As we close out the first quarter of 2025, we continue to feel enthusiastic about the prospects for the secondary private share market. While there have been some notable recent VC-backed IPO announcements, the IPO market has not come “roaring back, as some had predicted. The theme of companies remaining private for longer remains intact, and secondary market liquidity is becoming more important for both investors and employees.
Highlights:
- During 2023 and 2024, our NPM Private Market Tracker, which tracks the estimated average price performance of the 170 names we follow closely in our internal Tape D data, indicates that the secondary private company share market underperformed the S&P500 by 61%.

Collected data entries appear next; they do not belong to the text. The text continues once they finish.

(* Let $N\geq1$, let $\mathcal{H}_{X_1},\dots,\mathcal{H}_{X_N}$ be finite-dimensional Hilbert spaces and let $\rho=|V\rangle\langle V|$ be a pure state on $\mathcal{H}_{X_1}\otimes\cdots\otimes\mathcal{H}_{X_N}$. For each $i$, let $\lambda^i_1\geq\lambda^i_2\geq\cdots$ be the eigenvalues of the reduced state $\rho_{X_i}$ in decreasing order and $|e^i_1\rangle,|e^i_2\rangle,\dots$ a corresponding orthonormal eigenbasis of $\mathcal{H}_{X_i}$ (so $\langle e^i_a|\rho_{X_i}|e^i_b\rangle=\lambda^i_a\delta_{ab}$). Write $|V\rangle=\sum_{x_1,\dots,x_N}V_{x_1\dots x_N}|e^1_{x_1}\rangle\otimes\cdots\otimes|e^N_{x_N}\rangle$, and set $\epsilon_i=1-\lambda^i_1$ and $\varepsilon=\sum_{i=1}^N\epsilon_i$. Then $$|V_{1\dots1}|^2\geq 1-\varepsilon.$$
   Context: $\rho_{X_i}$ denotes the partial trace of $\rho$ over all tensor factors except $\mathcal{H}_{X_i}$. $V_{1\dots1}$ is the coefficient of $|e^1_1\rangle\otimes\cdots\otimes|e^N_1\rangle$. *)

From HB Require Import structures.
From mathcomp Require Import all_boot all_order all_algebra.
From mathcomp Require Import complex.
From mathcomp Require Import reals.
Set Implicit Arguments. Unset Strict Implicit. Unset Printing Implicit Defensive.
Import Order.TTheory GRing.Theory Num.Theory.
Local Open Scope ring_scope.

(* Multi-indices of the computational basis of H_{X_1} ⊗ ... ⊗ H_{X_N},
   where dim H_{X_i} = (d i).+1 (every factor has dimension >= 1). *)
Definition multi_index (N : nat) (d : 'I_N -> nat) : finType :=
  {dffun forall i : 'I_N, 'I_(d i).+1}.

(* Reduced state rho_{X_i} of the pure state |V><V| (partial trace over all
   factors except i), as a matrix in the computational basis of H_{X_i}:
   (rho_{X_i})_{a b} = sum_{x,y : x_i = a, y_i = b, x_j = y_j (j <> i)} V_x conj(V_y). *)
Definition reduced_state (R : rcfType) (N : nat) (d : 'I_N -> nat)
  (V : multi_index d -> R[i]) (i : 'I_N) : 'M[R[i]]_((d i).+1) :=
  \matrix_(a, b)
    \sum_(x : multi_index d) \sum_(y : multi_index d)
      if [&& x i == a, y i == b & [forall j, (j != i) ==> (x j == y j :> nat)]]
      then V x * (V y)^* else 0.

(* Let P_i be the orthogonal projection onto e^i_1 in the i-th tensor factor.
   The P_i commute, <V|P_i|V> = lambda^i_1, and their product Q is the projection
   onto e^1_1 (x) ... (x) e^N_1, so <V|Q|V> = |V_{1...1}|^2.  For commuting
   projections 1 - Q <= sum_i (1 - P_i): by induction, since for commuting
   projections A, B we have B - AB = B(1 - A)B <= 1 - A.  Taking expectations
   in V gives 1 - |V_{1...1}|^2 <= sum_i (1 - lambda^i_1). *)

From HB Require Import structures.
From mathcomp Require Import all_boot all_order all_algebra.
From mathcomp Require Import complex reals ring.
From Stdlib Require Import FunctionalExtensionality.
Set Implicit Arguments. Unset Strict Implicit. Unset Printing Implicit Defensive.
Import Order.TTheory GRing.Theory Num.Theory.
Local Open Scope ring_scope.

Section OrthogonalProjections.
Variables (C : numClosedFieldType) (T : finType).
Implicit Types (f g h v : T -> C) (A B : (T -> C) -> T -> C).

Definition dotf f g : C := \sum_x f x * (g x)^*.

Lemma dotfBl f g h : dotf (f \- g) h = dotf f h - dotf g h.
Proof. by rewrite /dotf -sumrB; apply: eq_bigr => x _; rewrite mulrBl. Qed.

Lemma dotfBr f g h : dotf h (f \- g) = dotf h f - dotf h g.
Proof. by rewrite /dotf -sumrB; apply: eq_bigr => x _; rewrite rmorphB mulrBr. Qed.

Lemma dotf_ge0 f : 0 <= dotf f f.
Proof. by apply: sumr_ge0 => x _; apply: mul_conjC_ge0. Qed.

Definition orthoproj A :=
  [/\ forall f g, dotf (A f) g = dotf f (A g),
      forall f, A (A f) = A f
    & forall f g, A (f \- g) = A f \- A g].

Lemma orthoproj_dotE A f : orthoproj A -> dotf (A f) f = dotf (A f) (A f).
Proof. by case=> selfadj idem _; rewrite -{1}idem selfadj. Qed.

Lemma orthoproj_pythagoras A f : orthoproj A ->
  dotf f f - dotf (A f) (A f) = dotf (f \- A f) (f \- A f).
Proof.
move=> pA; have AfE := orthoproj_dotE f pA.
have fAE : dotf f (A f) = dotf (A f) (A f) by case: pA => <-.
by rewrite dotfBl !dotfBr AfE fAE subrr subr0.
Qed.

Lemma orthoproj_dot_le A f : orthoproj A -> dotf (A f) (A f) <= dotf f f.
Proof. by move=> pA; rewrite -subr_ge0 orthoproj_pythagoras //; apply: dotf_ge0. Qed.

Lemma orthoproj_comp A B : orthoproj A -> orthoproj B ->
  (forall f, A (B f) = B (A f)) -> orthoproj (A \o B).
Proof.
case=> saA idA adA [saB idB adB] cAB; split => /= [f g|f|f g].
- by rewrite saA saB cAB.
- by rewrite cAB idA -cAB idB.
- by rewrite adB adA.
Qed.

Lemma orthoproj_comp_defect A B v : orthoproj A -> orthoproj B ->
  (forall f, A (B f) = B (A f)) ->
  dotf (B v) v - dotf (A (B v)) v <= dotf v v - dotf (A v) v.
Proof.
move=> pA pB cAB; have pAB := orthoproj_comp pA pB cAB.
rewrite (orthoproj_dotE v pB) (orthoproj_dotE v pAB) (orthoproj_dotE v pA) /=.
rewrite !orthoproj_pythagoras //.
have -> : B v \- A (B v) = B (v \- A v) by case: pB => _ _ ->; rewrite cAB.
exact: orthoproj_dot_le.
Qed.

Variables (I : Type) (P : I -> (T -> C) -> T -> C).
Hypotheses (P_orthoproj : forall i, orthoproj (P i))
           (P_comm : forall i j f, P i (P j f) = P j (P i f)).

Definition orthoproj_prod (s : seq I) : (T -> C) -> T -> C :=
  foldr (fun i Q => P i \o Q) id s.

Lemma orthoproj_prod_comm s j f :
  P j (orthoproj_prod s f) = orthoproj_prod s (P j f).
Proof. by elim: s => //= i s IH; rewrite P_comm IH. Qed.

Lemma orthoproj_prod_orthoproj s : orthoproj (orthoproj_prod s).
Proof.
elim: s => [|i s pQ] /=.
  by split=> // f g; apply: functional_extensionality.
by apply: orthoproj_comp => // f; rewrite orthoproj_prod_comm.
Qed.

Lemma orthoproj_prod_union_bound s v :
  dotf v v - dotf (orthoproj_prod s v) v
    <= \sum_(i <- s) (dotf v v - dotf (P i v) v).
Proof.
elim: s => [|i s IH]; first by rewrite big_nil /= subrr.
rewrite big_cons /= -[X in X <= _](subrKA (dotf (orthoproj_prod s v) v)).
rewrite addrC lerD //.
apply: orthoproj_comp_defect => //; first exact: orthoproj_prod_orthoproj.
by move=> f; rewrite orthoproj_prod_comm.
Qed.

End OrthogonalProjections.

Definition upd (N : nat) (d : 'I_N -> nat) (x : multi_index d) (i : 'I_N)
    (k : 'I_(d i).+1) : multi_index d :=
  finfun (dfwith (fun j => x j) k).
Arguments upd {N d} x i k.

Section MultiIndex.
Variables (N : nat) (d : 'I_N -> nat).
Implicit Types (x y z : multi_index d) (i j : 'I_N).

Lemma upd_same x i k : upd x i k i = k.
Proof. by rewrite ffunE dfwith_in. Qed.

Lemma upd_other x i j k : i != j -> upd x i k j = x j.
Proof. by move=> ij; rewrite ffunE dfwith_out. Qed.

Lemma upd_upd x i k l : upd (upd x i k) i l = upd x i l.
Proof.
apply/ffunP => j; have [<-|ij] := eqVneq i j; first by rewrite !upd_same.
by rewrite !upd_other.
Qed.

Lemma upd_id x i : upd x i (x i) = x.
Proof.
apply/ffunP => j; have [<-|ij] := eqVneq i j; first by rewrite upd_same.
by rewrite upd_other.
Qed.

Lemma updC x i j k l : i != j -> upd (upd x i k) j l = upd (upd x j l) i k.
Proof.
move=> ij; apply/ffunP => m; have [<-|jm] := eqVneq j m.
  by rewrite upd_same upd_other // upd_same.
rewrite upd_other //; have [<-|im] := eqVneq i m; first by rewrite !upd_same.
by rewrite !upd_other.
Qed.

Lemma eq_upd x y i k : (x == upd y i k) = (x i == k) && (x == upd y i (x i)).
Proof.
apply/eqP/andP => [->|[/eqP <- /eqP //]].
by rewrite upd_same !eqxx.
Qed.

Lemma agree_off_upd x y i :
  [forall j, (j != i) ==> (x j == y j :> nat)] = (x == upd y i (x i)).
Proof.
apply/forallP/eqP => [agree|->]; last first.
  by move=> j; apply/implyP => ji; rewrite upd_other // eq_sym.
apply/ffunP => j; have [<-|ij] := eqVneq i j; first by rewrite upd_same.
by rewrite upd_other //; apply/val_inj/eqP; have := agree j; rewrite eq_sym ij.
Qed.

Lemma sum_upd_swap (V : nmodType) i (F : multi_index d -> 'I_(d i).+1 -> V) :
  \sum_x \sum_k F x k = \sum_x \sum_k F (upd x i k) (x i).
Proof.
rewrite !pair_bigA /=.
pose h (p : multi_index d * 'I_(d i).+1) := (upd p.1 i p.2, p.1 i).
have hK : involutive h by case=> x k; rewrite /h /= upd_upd upd_id upd_same.
by rewrite (reindex_inj (inv_inj hK)).
Qed.

End MultiIndex.

Lemma reduced_stateE (R : rcfType) (N : nat) (d : 'I_N -> nat)
    (V : multi_index d -> R[i]) (i : 'I_N) k l :
  reduced_state V i k l =
  \sum_(y : multi_index d) (if y i == l then V (upd y i k) * (V y)^* else 0).
Proof.
rewrite mxE exchange_big; apply: eq_bigr => y _ /=.
have [_|_] := eqVneq (y i) l; last by rewrite big1 // => x _; rewrite andbF.
under eq_bigr => x _ do rewrite agree_off_upd -eq_upd.
by rewrite -big_mkcond big_pred1_eq.
Qed.

Section FactorProjection.
Variables (C : numClosedFieldType) (N : nat) (d : 'I_N -> nat).
Variable u : forall i : 'I_N, 'I_(d i).+1 -> C.
Arguments u : clear implicits.
Implicit Types (f : multi_index d -> C) (x y z : multi_index d) (i j : 'I_N).

(* [|u_i><u_i|] acting on the [i]-th tensor factor. *)
Definition factor_proj i f : multi_index d -> C :=
  fun x => u i (x i) * \sum_k (u i k)^* * f (upd x i k).

Lemma factor_proj_orthoproj i :
  \sum_k (u i k)^* * u i k = 1 -> orthoproj (factor_proj i).
Proof.
move=> unit_u; split=> [f g|f|f g]; rewrite /factor_proj.
- rewrite /dotf; under eq_bigr => x _ do rewrite big_distrr big_distrl /=.
  rewrite (sum_upd_swap (i := i)); apply: eq_bigr => x _.
  rewrite rmorphM rmorph_sum !big_distrr /=; apply: eq_bigr => k _.
  by rewrite upd_same upd_upd upd_id rmorphM /= conjCK; ring.
- apply: functional_extensionality => x.
  under eq_bigr => k _ do under eq_bigr => l _ do rewrite upd_upd.
  under eq_bigr => k _ do rewrite upd_same mulrA.
  by rewrite -big_distrl /= unit_u mul1r.
- apply: functional_extensionality => x; rewrite /= -mulrBr -sumrB.
  by congr (_ * _); apply: eq_bigr => k _; rewrite mulrBr.
Qed.

Lemma factor_projC i j f :
  factor_proj i (factor_proj j f) = factor_proj j (factor_proj i f).
Proof.
have [->//|ij] := eqVneq i j; have ji : j != i by rewrite eq_sym.
apply: functional_extensionality => x; rewrite /factor_proj.
transitivity (\sum_k \sum_l u i (x i) * u j (x j) *
  ((u i k)^* * (u j l)^*) * f (upd (upd x i k) j l)).
  rewrite big_distrr; apply: eq_bigr => k _ /=.
  by rewrite upd_other // !big_distrr; apply: eq_bigr => l _ /=; ring.
rewrite exchange_big big_distrr; apply: eq_bigr => l _ /=.
rewrite upd_other // !big_distrr; apply: eq_bigr => k _ /=.
by rewrite updC //; ring.
Qed.

Definition contract (s : seq 'I_N) f x : C :=
  \sum_(z : multi_index d)
    if [forall j, (j \notin s) ==> (z j == x j)]
    then (\prod_(i <- s) (u i (z i))^*) * f z else 0.

Lemma contract_nil f : contract [::] f = f.
Proof.
apply: functional_extensionality => x; rewrite /contract.
under eq_bigr => z _ do rewrite big_nil mul1r.
rewrite (bigD1 x) //= big1 ?addr0; last first.
  move=> z /eqP zx; case: forallP => // agree; case: zx.
  by apply/ffunP => j; apply/eqP/agree.
by case: forallP => // -[j]; rewrite eqxx.
Qed.

Lemma agree_outside_upd (s : seq 'I_N) x z i k : i \notin s ->
  [forall j, (j \notin s) ==> (z j == upd x i k j)] =
  (z i == k) && [forall j, (j \notin i :: s) ==> (z j == x j)].
Proof.
move=> i_s; apply/forallP/andP => [agree|[/eqP zk /forallP agree] j].
  split; first by have := agree i; rewrite i_s upd_same.
  apply/forallP => j; apply/implyP; rewrite inE negb_or => /andP[ji j_s].
  by have := agree j; rewrite j_s upd_other // eq_sym.
apply/implyP => j_s; have [<-|ij] := eqVneq i j; first by rewrite upd_same zk.
by have := agree j; rewrite inE negb_or j_s eq_sym ij upd_other.
Qed.

Lemma contract_cons i s f x : i \notin s ->
  contract (i :: s) f x = \sum_k (u i k)^* * contract s f (upd x i k).
Proof.
move=> i_s; rewrite /contract.
under [RHS]eq_bigr => k _ do rewrite big_distrr /=.
rewrite [RHS]exchange_big; apply: eq_bigr => z _ /=.
under [RHS]eq_bigr => k _ do rewrite agree_outside_upd //.
case: [forall j, _]; last by rewrite big1 // => k _; rewrite andbF mulr0.
under [RHS]eq_bigr => k _ do rewrite andbT -mulrb mulrnAr mulrb.
rewrite -big_mkcond (big_pred1 (z i)) => [|k]; last by rewrite /= eq_sym.
by rewrite big_cons mulrA.
Qed.

Lemma orthoproj_prod_factor_projE s f : uniq s ->
  orthoproj_prod factor_proj s f =
  fun x => (\prod_(i <- s) u i (x i)) * contract s f x.
Proof.
elim: s => [_|i s IH /= /andP[i_s /IH ->]].
  by apply: functional_extensionality => x; rewrite big_nil mul1r contract_nil.
apply: functional_extensionality => x; rewrite /factor_proj big_cons contract_cons //.
rewrite -mulrA; congr (_ * _); rewrite big_distrr /=; apply: eq_bigr => k _.
rewrite (eq_big_seq (fun j => u j (x j))) => [|j j_s]; first exact: mulrCA.
by rewrite upd_other //; apply: contraNneq i_s => ->.
Qed.

Lemma dotf_orthoproj_prod_factor_proj f :
  dotf (orthoproj_prod factor_proj (index_enum 'I_N) f) f =
  `|\sum_(z : multi_index d) (\prod_(i : 'I_N) (u i (z i))^*) * f z| ^+ 2.
Proof.
set c := \sum_(z : multi_index d) _.
have contractE x : contract (index_enum 'I_N) f x = c.
  apply: eq_bigr => z _; case: forallP => // -[j].
  by rewrite mem_index_enum.
rewrite orthoproj_prod_factor_projE ?index_enum_uniq // normCK /dotf.
rewrite {2}/c rmorph_sum big_distrr; apply: eq_bigr => x _ /=.
rewrite contractE rmorphM rmorph_prod /=.
under [in RHS]eq_bigr => i _ do rewrite conjCK.
by ring.
Qed.

End FactorProjection.

Lemma dotf_factor_proj (R : rcfType) (N : nat) (d : 'I_N -> nat)
    (u : forall i : 'I_N, 'I_(d i).+1 -> R[i]) (V : multi_index d -> R[i]) i :
  dotf (factor_proj u i V) V =
  \sum_k \sum_l (u i k)^* * reduced_state V i k l * u i l.
Proof.
under [RHS]eq_bigr => k _ do under eq_bigr => l _ do
  rewrite reduced_stateE big_distrr big_distrl /=.
under [RHS]eq_bigr => k _ do rewrite exchange_big.
rewrite [RHS]exchange_big /dotf; apply: eq_bigr => y _ /=.
rewrite /factor_proj big_distrr big_distrl /=; apply: eq_bigr => k _ /=.
rewrite (bigD1 (y i)) //= eqxx big1 ?addr0; first by ring.
by move=> l /negbTE; rewrite eq_sym => ->; rewrite mulr0 mul0r.
Qed.

Theorem lemma1 (R : realType) (N : nat) (d : 'I_N -> nat)
  (V : multi_index d -> R[i])
  (e : forall i : 'I_N, 'M[R[i]]_((d i).+1))
  (lam : forall i : 'I_N, 'I_(d i).+1 -> R) :
  (0 < N)%N ->
  (* rho = |V><V| is a (normalized) pure state *)
  \sum_(x : multi_index d) `|V x| ^+ 2 = 1 ->
  (* the columns e i _ a = |e^i_a> form an orthonormal basis of H_{X_i} *)
  (forall (i : 'I_N) (a b : 'I_(d i).+1),
      \sum_(k : 'I_(d i).+1) (e i k a)^* * e i k b = (a == b)%:R) ->
  (* <e^i_a| rho_{X_i} |e^i_b> = lam^i_a delta_ab *)
  (forall (i : 'I_N) (a b : 'I_(d i).+1),
      \sum_(k : 'I_(d i).+1) \sum_(l : 'I_(d i).+1)
        (e i k a)^* * reduced_state V i k l * e i l b
      = (a == b)%:R * ((lam i a)%:C)%C) ->
  (* eigenvalues in decreasing order *)
  (forall (i : 'I_N) (a b : 'I_(d i).+1), (a <= b)%N -> lam i b <= lam i a) ->
  let V1 := \sum_(x : multi_index d)
              (\prod_(i : 'I_N) (e i (x i) ord0)^*) * V x in
  let eps := \sum_(i : 'I_N) (1 - lam i ord0) in
  ((1 - eps)%:C)%C <= `|V1| ^+ 2.
Proof.
move=> _ normV ortho diag _; cbv zeta.
rewrite rmorphB rmorph1 rmorph_sum lerBlDr addrC -lerBlDr.
pose u i k := e i k ord0.
have u_unit i : \sum_k (u i k)^* * u i k = 1 by rewrite ortho eqxx.
have dotVV : dotf V V = 1.
  by rewrite -normV; apply: eq_bigr => x _; rewrite normCK.
have defect i : dotf V V - dotf (factor_proj u i V) V = ((1 - lam i ord0)%:C)%C.
  by rewrite dotVV dotf_factor_proj diag eqxx mul1r rmorphB rmorph1.
have := orthoproj_prod_union_bound (fun i => factor_proj_orthoproj (u_unit i))
  (@factor_projC _ _ _ u) (index_enum 'I_N) V.
by rewrite (eq_bigr _ (fun i _ => defect i)) dotVV dotf_orthoproj_prod_factor_proj.
Qed.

- In 2024, total proceeds raised through secondary price tender offers exceeded VC-backed IPO volume.
- Valuations are recovering. In Q4 2024, 24% of secondary share volume facilitated by NPM company-structured liquidity programs priced at a premium to the last preferred round vs. 0% in Q4 2023.
- Volumes are growing. Across 2024, there was an 83% YOY increase in the number of private company auction programs facilitated by NPM.
- Funding cost expectations have moderated slightly, with the one year forward expected 10-year US Treasury yield falling to 4.3% currently from 4.7% at YE2024 (Source: Bloomberg). Lower rates have historically been beneficial for private markets.